Lemma renaming_between_bracket tau e1 e2 m1 m2 V V1 V2 G :
  bijection_between m1 V V1 -> bijection_between m2 V V2 ->
  renaming_between tau e1 e2 (fv_item (IBr V G)) ->
  renaming_between (bracket_renaming m1 m2 tau) (m1 ++ e1) (m2 ++ e2) (fv_ctx G).
Proof.
  intros [_ [N1' [B1 _]]] [N2 [_ [B2 _]]] H x y1 y2 Hx Y1 Y2; unfold bracket_renaming.
  destruct (var_ok_app _ _ _ _ _ Y1) as [M1|[M1a [M1b M1c]]];
    destruct (var_ok_app _ _ _ _ _ Y2) as [M2|[M2a [_ M2c]]].
  - rewrite (lookup_flip_In _ _ _ N1' M1); unfold lookup_or.
    rewrite (lookup_In _ _ _ N2 M2); reflexivity.
  - exfalso; apply M2a, B2, B1, (in_map fst _ _ M1).
  - exfalso; apply M1a, B1, B2, (in_map fst _ _ M2).
  - rewrite (lookup_flip_notin _ _ M1b); apply (H x); auto.
    apply in_fv_IBr; split; [exact Hx | rewrite B1; exact M1a].
Qed.

Lemma erasures_related_of_alpha_ctx : forall e1 G G1, alpha_ctx id e1 G G1 ->
  forall e2 G2 tau, alpha_ctx id e2 G G2 -> fresh_ctx G1 ->
  renaming_between tau e1 e2 (fv_ctx G) -> erasures_related tau G1 G2.
Proof.
  apply (alpha_ctx_mut id
    (fun e1 i j1 _ => forall e2 j2 tau, alpha_item id e2 i j2 -> fresh_ctx [j1] ->
       renaming_between tau e1 e2 (fv_item i) -> erasures_related tau [j1] [j2])
    (fun e1 G G1 _ => forall e2 G2 tau, alpha_ctx id e2 G G2 -> fresh_ctx G1 ->
       renaming_between tau e1 e2 (fv_ctx G) -> erasures_related tau G1 G2)
    (fun e1 G G1 _ => forall e2 G2 tau, alpha_list id e2 G G2 -> fresh_ctx G1 ->
       renaming_between tau e1 e2 (fv_ctx G) -> erasures_related tau G1 G2)).
  - intros e1 A A1 H1 e2 j2 tau H2 _ Htau; inversion H2 as [? ? A2 HA2|]; subst.
    apply erasures_related_form, (alpha_form_triangle tau e1 e2 A); auto.
  - intros e1 V V1 G G1 m1 B1 _ IH e2 j2 tau H2 F Htau.
    inversion H2 as [|? ? V2 ? G2 m2 B2 A2]; subst.
    apply erasures_related_bracket_r.
    apply (erasures_related_bracket_l tau (bracket_renaming m1 m2 tau)).
    { intros y Hy; apply (bracket_renaming_outside _ _ _ _ _ _ B1 Hy). }
    apply (IH (m2 ++ e2) G2 _ A2 (fresh_ctx_bracket _ _ _ F)).
    apply (renaming_between_bracket _ _ _ _ _ _ _ _ _ B1 B2 Htau).
  - intros e1 G L1 G1 _ IH P e2 G2 tau H2 F Htau.
    inversion H2 as [? ? L2 ? A2 P2]; subst.
    apply (erasures_related_perm _ _ _ _ _ P P2).
    apply (IH e2 L2 tau A2 (fresh_ctx_perm _ _ (Permutation_sym P) F) Htau).
  - intros e1 e2 G2 tau H2 _ _; inversion H2; subst; apply erasures_related_nil.
  - intros e1 i j G G1 _ IHi _ IHG e2 L2 tau H2 F Htau.
    inversion H2 as [|? ? j2 ? G2 Hj2 HG2]; subst.
    apply (erasures_related_app _ [j] G1 [j2] G2 F).
    + apply (IHi e2 j2 tau Hj2 (fresh_ctx_app_l [j] _ F)).
      apply (renaming_between_incl _ _ _ _ (fv_ctx (i :: G))); [|exact Htau].
      intros x Hx; apply in_or_app; left; exact Hx.
    + apply (IHG e2 G2 tau HG2 (fresh_ctx_app_r [j] _ F)).
      apply (renaming_between_incl _ _ _ _ (fv_ctx (i :: G))); [|exact Htau].
      intros x Hx; apply in_or_app; right; exact Hx.
Qed.

Definition rebracket_renaming (m m' : env) : var -> var :=
  bracket_renaming m [] (lookup_or m').

Section Rebracketing.
Lemma zorn_sets (P : (A -> Prop) -> Prop) (X0 : A -> Prop) :
  P X0 ->
  (forall C, (forall X, C X -> P X) -> (exists X, C X) -> chain C -> P (union C)) ->
  exists M, P M /\ forall Y, P Y -> sub_set M Y -> sub_set Y M.
Proof.
  intros HX0 Hunion.
  set (R := fun X Y : {X | P X} => boolp.asbool (sub_set (proj1_sig X) (proj1_sig Y))).
  assert (HR : forall X Y, R X Y = true <-> sub_set (proj1_sig X) (proj1_sig Y))
    by (intros X Y; split; intro H; [apply (ssrbool.elimT (boolp.asboolP _)) | apply (ssrbool.introT (boolp.asboolP _))]; exact H).
  destruct (@classical_sets.ZL_preorder _ (exist _ X0 HX0) R) as [[M HM] Hmax].
  - intro X. apply HR. intros a Ha; exact Ha.
  - intros X Y Z HXY HYZ. apply HR. apply HR in HXY, HYZ. intros a Ha; auto.
  - intros C Htot.
    destruct (classic (exists X, C X)) as [[X1 HX1]|Hempty].
    + set (C' := fun Y => exists X, C X /\ proj1_sig X = Y).
      assert (HC' : forall Y, C' Y -> P Y) by (intros Y [[X HX] [_ <-]]; exact HX).
      assert (HPU : P (union C')).
      { apply Hunion; [exact HC' | exists (proj1_sig X1); exists X1; auto|].
        intros Y Y' [X [HX <-]] [X' [HX' <-]].
        destruct (Htot X X' HX HX') as [H|H]; [left|right]; apply HR; exact H. }
      exists (exist _ _ HPU). intros X HX. apply HR. intros a Ha.
      exists (proj1_sig X). split; [exists X; auto | exact Ha].
    + exists (exist P X0 HX0). intros X HX. exfalso. eauto.
  - exists M. split; [exact HM|]. intros Y HY HMY.
    apply (proj1 (HR (exist _ Y HY) (exist _ M HM))), Hmax, HR, HMY.
Qed.

End Zorn.
Arguments sub_set {A}.
Arguments chain {A}.
Arguments union {A}.

(** If a subgroup [N] contains all squares and commutators, then [K / N] is
    an elementary abelian 2-group, i.e. an F_2-vector space; any [t] outside
    [N] is then avoided by a hyperplane, a subgroup of index two. *)

Section IndexTwo.
Variable K : group.
Variable N : K -> Prop.
Hypothesis N_subgroup : is_subgroup K N.
Hypothesis N_squares : forall x : K, N (gmul x x).
Hypothesis N_commutators :
  forall x y : K, N (gmul (gmul (gmul x y) (ginv x)) (ginv y)).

· · · · · · ·

**EXERCISE BRIEF**
The full listing above should be reproduced exactly.

**RESULT OF THE TASK**
Lemma renaming_between_bracket tau e1 e2 m1 m2 V V1 V2 G :
  bijection_between m1 V V1 -> bijection_between m2 V V2 ->
  renaming_between tau e1 e2 (fv_item (IBr V G)) ->
  renaming_between (bracket_renaming m1 m2 tau) (m1 ++ e1) (m2 ++ e2) (fv_ctx G).
Proof.
  intros [_ [N1' [B1 _]]] [N2 [_ [B2 _]]] H x y1 y2 Hx Y1 Y2; unfold bracket_renaming.
  destruct (var_ok_app _ _ _ _ _ Y1) as [M1|[M1a [M1b M1c]]];
    destruct (var_ok_app _ _ _ _ _ Y2) as [M2|[M2a [_ M2c]]].
  - rewrite (lookup_flip_In _ _ _ N1' M1); unfold lookup_or.
    rewrite (lookup_In _ _ _ N2 M2); reflexivity.
  - exfalso; apply M2a, B2, B1, (in_map fst _ _ M1).
  - exfalso; apply M1a, B1, B2, (in_map fst _ _ M2).
  - rewrite (lookup_flip_notin _ _ M1b); apply (H x); auto.
    apply in_fv_IBr; split; [exact Hx | rewrite B1; exact M1a].
Qed.

Lemma erasures_related_of_alpha_ctx : forall e1 G G1, alpha_ctx id e1 G G1 ->
  forall e2 G2 tau, alpha_ctx id e2 G G2 -> fresh_ctx G1 ->
  renaming_between tau e1 e2 (fv_ctx G) -> erasures_related tau G1 G2.
Proof.
  apply (alpha_ctx_mut id
    (fun e1 i j1 _ => forall e2 j2 tau, alpha_item id e2 i j2 -> fresh_ctx [j1] ->
       renaming_between tau e1 e2 (fv_item i) -> erasures_related tau [j1] [j2])
    (fun e1 G G1 _ => forall e2 G2 tau, alpha_ctx id e2 G G2 -> fresh_ctx G1 ->
       renaming_between tau e1 e2 (fv_ctx G) -> erasures_related tau G1 G2)
    (fun e1 G G1 _ => forall e2 G2 tau, alpha_list id e2 G G2 -> fresh_ctx G1 ->
       renaming_between tau e1 e2 (fv_ctx G) -> erasures_related tau G1 G2)).
  - intros e1 A A1 H1 e2 j2 tau H2 _ Htau; inversion H2 as [? ? A2 HA2|]; subst.
    apply erasures_related_form, (alpha_form_triangle tau e1 e2 A); auto.
  - intros e1 V V1 G G1 m1 B1 _ IH e2 j2 tau H2 F Htau.
    inversion H2 as [|? ? V2 ? G2 m2 B2 A2]; subst.
    apply erasures_related_bracket_r.
    apply (erasures_related_bracket_l tau (bracket_renaming m1 m2 tau)).
    { intros y Hy; apply (bracket_renaming_outside _ _ _ _ _ _ B1 Hy). }
    apply (IH (m2 ++ e2) G2 _ A2 (fresh_ctx_bracket _ _ _ F)).
    apply (renaming_between_bracket _ _ _ _ _ _ _ _ _ B1 B2 Htau).
  - intros e1 G L1 G1 _ IH P e2 G2 tau H2 F Htau.
    inversion H2 as [? ? L2 ? A2 P2]; subst.
    apply (erasures_related_perm _ _ _ _ _ P P2).
    apply (IH e2 L2 tau A2 (fresh_ctx_perm _ _ (Permutation_sym P) F) Htau).
  - intros e1 e2 G2 tau H2 _ _; inversion H2; subst; apply erasures_related_nil.
  - intros e1 i j G G1 _ IHi _ IHG e2 L2 tau H2 F Htau.
    inversion H2 as [|? ? j2 ? G2 Hj2 HG2]; subst.
    apply (erasures_related_app _ [j] G1 [j2] G2 F).
    + apply (IHi e2 j2 tau Hj2 (fresh_ctx_app_l [j] _ F)).
      apply (renaming_between_incl _ _ _ _ (fv_ctx (i :: G))); [|exact Htau].
      intros x Hx; apply in_or_app; left; exact Hx.
    + apply (IHG e2 G2 tau HG2 (fresh_ctx_app_r [j] _ F)).
      apply (renaming_between_incl _ _ _ _ (fv_ctx (i :: G))); [|exact Htau].
      intros x Hx; apply in_or_app; right; exact Hx.
Qed.

Definition rebracket_renaming (m m' : env) : var -> var :=
  bracket_renaming m [] (lookup_or m').

Section Rebracketing.
Lemma zorn_sets (P : (A -> Prop) -> Prop) (X0 : A -> Prop) :
  P X0 ->
  (forall C, (forall X, C X -> P X) -> (exists X, C X) -> chain C -> P (union C)) ->
  exists M, P M /\ forall Y, P Y -> sub_set M Y -> sub_set Y M.
Proof.
  intros HX0 Hunion.
  set (R := fun X Y : {X | P X} => boolp.asbool (sub_set (proj1_sig X) (proj1_sig Y))).
  assert (HR : forall X Y, R X Y = true <-> sub_set (proj1_sig X) (proj1_sig Y))
    by (intros X Y; split; intro H; [apply (ssrbool.elimT (boolp.asboolP _)) | apply (ssrbool.introT (boolp.asboolP _))]; exact H).
  destruct (@classical_sets.ZL_preorder _ (exist _ X0 HX0) R) as [[M HM] Hmax].
  - intro X. apply HR. intros a Ha; exact Ha.
  - intros X Y Z HXY HYZ. apply HR. apply HR in HXY, HYZ. intros a Ha; auto.
  - intros C Htot.
    destruct (classic (exists X, C X)) as [[X1 HX1]|Hempty].
    + set (C' := fun Y => exists X, C X /\ proj1_sig X = Y).
      assert (HC' : forall Y, C' Y -> P Y) by (intros Y [[X HX] [_ <-]]; exact HX).
      assert (HPU : P (union C')).
      { apply Hunion; [exact HC' | exists (proj1_sig X1); exists X1; auto|].
        intros Y Y' [X [HX <-]] [X' [HX' <-]].
        destruct (Htot X X' HX HX') as [H|H]; [left|right]; apply HR; exact H. }
      exists (exist _ _ HPU). intros X HX. apply HR. intros a Ha.
      exists (proj1_sig X). split; [exists X; auto | exact Ha].
    + exists (exist P X0 HX0). intros X HX. exfalso. eauto.
  - exists M. split; [exact HM|]. intros Y HY HMY.
    apply (proj1 (HR (exist _ Y HY) (exist _ M HM))), Hmax, HR, HMY.
Qed.

End Zorn.
Arguments sub_set {A}.
Arguments chain {A}.
Arguments union {A}.

(** If a subgroup [N] contains all squares and commutators, then [K / N] is
    an elementary abelian 2-group, i.e. an F_2-vector space; any [t] outside
    [N] is then avoided by a hyperplane, a subgroup of index two. *)

Section IndexTwo.
Variable K : group.
Variable N : K -> Prop.
Hypothesis N_subgroup : is_subgroup K N.
Hypothesis N_squares : forall x : K, N (gmul x x).
Hypothesis N_commutators :
  forall x y : K, N (gmul (gmul (gmul x y) (ginv x)) (ginv y)).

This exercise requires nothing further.